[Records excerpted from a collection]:
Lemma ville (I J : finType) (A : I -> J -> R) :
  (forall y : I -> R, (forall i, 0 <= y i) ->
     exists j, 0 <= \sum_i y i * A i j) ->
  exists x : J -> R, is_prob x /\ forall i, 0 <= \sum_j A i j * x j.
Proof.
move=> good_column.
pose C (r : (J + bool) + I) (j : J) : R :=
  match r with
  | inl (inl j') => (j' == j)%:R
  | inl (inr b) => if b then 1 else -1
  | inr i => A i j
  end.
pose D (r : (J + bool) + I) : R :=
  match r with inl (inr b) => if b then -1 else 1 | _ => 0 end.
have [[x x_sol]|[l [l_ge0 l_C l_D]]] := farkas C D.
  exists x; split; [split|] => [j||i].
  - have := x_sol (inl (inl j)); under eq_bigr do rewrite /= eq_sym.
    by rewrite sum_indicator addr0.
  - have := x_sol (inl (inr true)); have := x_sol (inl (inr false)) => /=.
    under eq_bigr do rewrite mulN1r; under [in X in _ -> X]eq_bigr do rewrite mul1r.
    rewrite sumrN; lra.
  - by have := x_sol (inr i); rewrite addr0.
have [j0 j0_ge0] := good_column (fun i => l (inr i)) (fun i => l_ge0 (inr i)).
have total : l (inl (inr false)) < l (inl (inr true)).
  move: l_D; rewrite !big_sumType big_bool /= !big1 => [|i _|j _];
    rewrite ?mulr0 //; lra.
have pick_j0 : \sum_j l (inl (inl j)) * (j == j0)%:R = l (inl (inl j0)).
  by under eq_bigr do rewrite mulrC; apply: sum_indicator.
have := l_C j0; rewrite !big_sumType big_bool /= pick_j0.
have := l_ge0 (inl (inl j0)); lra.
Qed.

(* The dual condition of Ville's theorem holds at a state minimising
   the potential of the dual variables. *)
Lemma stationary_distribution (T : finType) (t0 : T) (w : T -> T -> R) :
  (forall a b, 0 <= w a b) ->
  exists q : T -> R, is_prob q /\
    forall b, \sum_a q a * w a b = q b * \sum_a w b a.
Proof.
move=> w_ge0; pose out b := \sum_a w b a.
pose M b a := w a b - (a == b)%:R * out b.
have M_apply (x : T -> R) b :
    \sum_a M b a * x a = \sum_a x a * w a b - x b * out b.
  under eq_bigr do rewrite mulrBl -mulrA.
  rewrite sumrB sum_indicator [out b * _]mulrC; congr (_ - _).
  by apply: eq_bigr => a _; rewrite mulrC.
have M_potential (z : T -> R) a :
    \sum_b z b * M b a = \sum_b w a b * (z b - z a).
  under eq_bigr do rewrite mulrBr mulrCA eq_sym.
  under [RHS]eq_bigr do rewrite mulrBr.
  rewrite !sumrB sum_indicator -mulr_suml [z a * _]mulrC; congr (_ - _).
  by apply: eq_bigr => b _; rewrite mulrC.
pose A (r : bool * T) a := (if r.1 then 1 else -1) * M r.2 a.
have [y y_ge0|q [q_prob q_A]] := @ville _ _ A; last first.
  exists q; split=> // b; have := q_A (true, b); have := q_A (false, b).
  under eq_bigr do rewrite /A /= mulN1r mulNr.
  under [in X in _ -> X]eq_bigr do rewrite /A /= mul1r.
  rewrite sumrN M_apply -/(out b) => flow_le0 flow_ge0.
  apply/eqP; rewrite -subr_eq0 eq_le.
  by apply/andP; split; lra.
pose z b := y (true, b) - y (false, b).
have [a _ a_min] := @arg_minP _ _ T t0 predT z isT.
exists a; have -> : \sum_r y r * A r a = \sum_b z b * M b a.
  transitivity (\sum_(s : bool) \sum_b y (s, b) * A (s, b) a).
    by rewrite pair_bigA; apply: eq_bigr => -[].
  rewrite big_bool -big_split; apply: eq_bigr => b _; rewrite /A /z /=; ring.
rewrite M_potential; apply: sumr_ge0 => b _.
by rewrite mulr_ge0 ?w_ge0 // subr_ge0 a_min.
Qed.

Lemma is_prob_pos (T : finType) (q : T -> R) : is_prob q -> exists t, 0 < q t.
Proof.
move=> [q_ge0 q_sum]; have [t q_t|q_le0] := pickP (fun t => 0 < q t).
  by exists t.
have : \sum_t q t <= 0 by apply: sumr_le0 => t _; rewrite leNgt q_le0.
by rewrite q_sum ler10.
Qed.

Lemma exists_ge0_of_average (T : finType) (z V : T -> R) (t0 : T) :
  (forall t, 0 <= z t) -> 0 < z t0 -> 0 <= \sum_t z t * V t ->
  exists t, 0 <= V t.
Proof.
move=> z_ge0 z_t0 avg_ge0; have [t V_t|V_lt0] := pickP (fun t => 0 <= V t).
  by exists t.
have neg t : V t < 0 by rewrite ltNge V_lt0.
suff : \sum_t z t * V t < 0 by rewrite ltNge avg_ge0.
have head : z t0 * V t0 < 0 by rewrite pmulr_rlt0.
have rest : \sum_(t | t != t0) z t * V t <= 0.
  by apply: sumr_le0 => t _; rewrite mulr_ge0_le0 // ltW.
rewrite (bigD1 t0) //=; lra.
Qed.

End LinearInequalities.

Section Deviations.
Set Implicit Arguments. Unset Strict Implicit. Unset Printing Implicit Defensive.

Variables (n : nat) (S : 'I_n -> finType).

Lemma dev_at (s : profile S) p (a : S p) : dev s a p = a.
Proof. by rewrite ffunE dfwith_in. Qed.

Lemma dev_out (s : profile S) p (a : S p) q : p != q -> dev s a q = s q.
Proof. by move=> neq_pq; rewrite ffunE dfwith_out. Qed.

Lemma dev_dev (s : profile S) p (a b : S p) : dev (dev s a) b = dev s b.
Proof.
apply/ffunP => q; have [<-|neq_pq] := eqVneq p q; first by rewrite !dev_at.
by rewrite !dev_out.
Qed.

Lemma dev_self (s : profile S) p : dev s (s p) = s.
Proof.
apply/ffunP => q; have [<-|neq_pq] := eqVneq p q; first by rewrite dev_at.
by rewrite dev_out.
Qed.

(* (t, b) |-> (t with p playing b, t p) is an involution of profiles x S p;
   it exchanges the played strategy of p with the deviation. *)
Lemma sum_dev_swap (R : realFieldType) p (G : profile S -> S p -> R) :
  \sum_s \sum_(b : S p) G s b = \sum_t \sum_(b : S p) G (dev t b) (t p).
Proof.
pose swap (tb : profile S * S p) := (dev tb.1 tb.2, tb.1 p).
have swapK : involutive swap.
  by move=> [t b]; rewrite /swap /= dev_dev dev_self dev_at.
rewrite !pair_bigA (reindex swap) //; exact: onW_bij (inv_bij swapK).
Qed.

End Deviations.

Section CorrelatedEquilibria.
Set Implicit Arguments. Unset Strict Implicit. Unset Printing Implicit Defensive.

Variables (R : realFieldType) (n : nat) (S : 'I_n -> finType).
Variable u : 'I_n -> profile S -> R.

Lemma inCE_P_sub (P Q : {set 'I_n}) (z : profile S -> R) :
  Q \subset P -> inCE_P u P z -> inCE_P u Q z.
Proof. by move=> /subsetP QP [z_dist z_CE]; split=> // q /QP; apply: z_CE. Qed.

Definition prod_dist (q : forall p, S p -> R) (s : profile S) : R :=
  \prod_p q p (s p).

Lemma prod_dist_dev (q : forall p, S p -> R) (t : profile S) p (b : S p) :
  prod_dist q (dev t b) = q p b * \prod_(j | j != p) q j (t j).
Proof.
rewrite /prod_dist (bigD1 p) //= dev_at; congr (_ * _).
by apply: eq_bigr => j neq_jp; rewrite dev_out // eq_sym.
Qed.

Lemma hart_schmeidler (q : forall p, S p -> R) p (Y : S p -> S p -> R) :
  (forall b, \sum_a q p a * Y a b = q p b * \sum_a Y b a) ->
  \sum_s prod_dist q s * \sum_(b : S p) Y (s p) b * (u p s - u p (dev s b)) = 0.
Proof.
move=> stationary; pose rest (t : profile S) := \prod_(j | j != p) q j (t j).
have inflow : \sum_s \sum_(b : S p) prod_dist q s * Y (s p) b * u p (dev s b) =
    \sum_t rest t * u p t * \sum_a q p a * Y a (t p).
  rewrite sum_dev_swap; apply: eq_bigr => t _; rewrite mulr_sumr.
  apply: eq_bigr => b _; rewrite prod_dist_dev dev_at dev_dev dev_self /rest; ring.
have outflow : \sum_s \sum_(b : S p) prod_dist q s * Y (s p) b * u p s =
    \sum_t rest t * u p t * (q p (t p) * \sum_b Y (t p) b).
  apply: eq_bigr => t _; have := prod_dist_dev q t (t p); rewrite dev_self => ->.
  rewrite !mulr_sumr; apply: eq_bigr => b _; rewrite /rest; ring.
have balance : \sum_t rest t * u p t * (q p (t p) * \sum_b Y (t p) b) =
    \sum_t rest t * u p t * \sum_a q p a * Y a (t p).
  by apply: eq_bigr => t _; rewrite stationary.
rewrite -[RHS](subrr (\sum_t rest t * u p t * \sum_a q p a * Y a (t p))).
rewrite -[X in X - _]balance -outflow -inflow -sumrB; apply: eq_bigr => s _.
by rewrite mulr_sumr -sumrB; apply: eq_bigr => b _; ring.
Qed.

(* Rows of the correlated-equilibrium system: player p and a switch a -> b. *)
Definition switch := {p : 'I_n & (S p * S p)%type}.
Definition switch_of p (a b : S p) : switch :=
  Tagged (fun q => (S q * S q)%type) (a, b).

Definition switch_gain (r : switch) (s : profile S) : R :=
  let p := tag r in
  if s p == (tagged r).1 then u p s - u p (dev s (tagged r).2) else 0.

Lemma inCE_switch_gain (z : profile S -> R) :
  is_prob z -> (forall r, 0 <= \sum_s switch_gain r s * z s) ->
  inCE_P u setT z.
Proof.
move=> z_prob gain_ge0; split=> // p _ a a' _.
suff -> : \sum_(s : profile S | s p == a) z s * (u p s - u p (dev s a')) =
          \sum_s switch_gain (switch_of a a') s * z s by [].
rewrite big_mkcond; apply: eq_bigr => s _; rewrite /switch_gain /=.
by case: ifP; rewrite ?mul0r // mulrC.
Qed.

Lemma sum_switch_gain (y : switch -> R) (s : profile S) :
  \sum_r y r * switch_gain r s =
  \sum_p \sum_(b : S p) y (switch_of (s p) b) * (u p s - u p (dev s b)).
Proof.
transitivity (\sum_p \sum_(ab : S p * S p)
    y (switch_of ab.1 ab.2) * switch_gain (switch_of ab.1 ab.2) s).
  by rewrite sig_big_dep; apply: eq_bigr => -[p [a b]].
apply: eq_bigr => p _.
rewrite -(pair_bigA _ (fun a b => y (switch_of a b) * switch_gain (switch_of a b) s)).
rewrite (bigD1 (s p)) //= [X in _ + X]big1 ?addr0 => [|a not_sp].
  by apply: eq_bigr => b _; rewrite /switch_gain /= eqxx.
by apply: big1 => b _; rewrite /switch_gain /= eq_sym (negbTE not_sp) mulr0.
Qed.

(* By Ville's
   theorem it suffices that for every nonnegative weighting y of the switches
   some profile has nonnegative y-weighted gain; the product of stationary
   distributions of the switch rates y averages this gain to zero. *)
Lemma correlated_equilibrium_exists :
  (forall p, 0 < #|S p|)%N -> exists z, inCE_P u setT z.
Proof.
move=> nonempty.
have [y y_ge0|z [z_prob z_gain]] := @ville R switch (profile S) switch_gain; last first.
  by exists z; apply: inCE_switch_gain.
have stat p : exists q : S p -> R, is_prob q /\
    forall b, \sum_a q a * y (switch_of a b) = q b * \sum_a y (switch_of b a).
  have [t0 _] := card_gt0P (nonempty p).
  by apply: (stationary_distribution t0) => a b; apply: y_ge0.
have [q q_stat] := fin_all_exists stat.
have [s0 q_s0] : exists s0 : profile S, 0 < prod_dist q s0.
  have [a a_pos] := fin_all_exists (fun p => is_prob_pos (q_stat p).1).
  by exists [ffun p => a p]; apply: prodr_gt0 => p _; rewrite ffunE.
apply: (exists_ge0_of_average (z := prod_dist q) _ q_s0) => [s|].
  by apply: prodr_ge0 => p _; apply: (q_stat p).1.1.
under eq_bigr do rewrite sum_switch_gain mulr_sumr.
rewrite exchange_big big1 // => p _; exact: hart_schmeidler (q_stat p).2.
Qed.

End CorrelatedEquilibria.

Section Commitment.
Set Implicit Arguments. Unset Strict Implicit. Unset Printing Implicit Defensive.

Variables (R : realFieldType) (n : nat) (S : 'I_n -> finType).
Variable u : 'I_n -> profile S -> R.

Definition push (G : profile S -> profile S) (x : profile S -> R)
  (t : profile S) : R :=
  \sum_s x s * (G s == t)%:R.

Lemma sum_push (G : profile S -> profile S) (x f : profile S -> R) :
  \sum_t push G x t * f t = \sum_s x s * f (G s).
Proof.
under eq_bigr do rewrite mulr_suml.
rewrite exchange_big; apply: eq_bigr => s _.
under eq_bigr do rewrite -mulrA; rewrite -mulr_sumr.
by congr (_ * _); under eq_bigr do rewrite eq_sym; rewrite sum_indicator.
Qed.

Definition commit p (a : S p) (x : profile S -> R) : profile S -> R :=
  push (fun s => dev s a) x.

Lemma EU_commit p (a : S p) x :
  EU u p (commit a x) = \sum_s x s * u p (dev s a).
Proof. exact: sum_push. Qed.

[Your task]: List all lines from the entries that include the word "ring".

[Result]:
  rewrite big_bool -big_split; apply: eq_bigr => b _; rewrite /A /z /=; ring.
  apply: eq_bigr => b _; rewrite prod_dist_dev dev_at dev_dev dev_self /rest; ring.
  rewrite !mulr_sumr; apply: eq_bigr => b _; rewrite /rest; ring.
by rewrite mulr_sumr -sumrB; apply: eq_bigr => b _; ring.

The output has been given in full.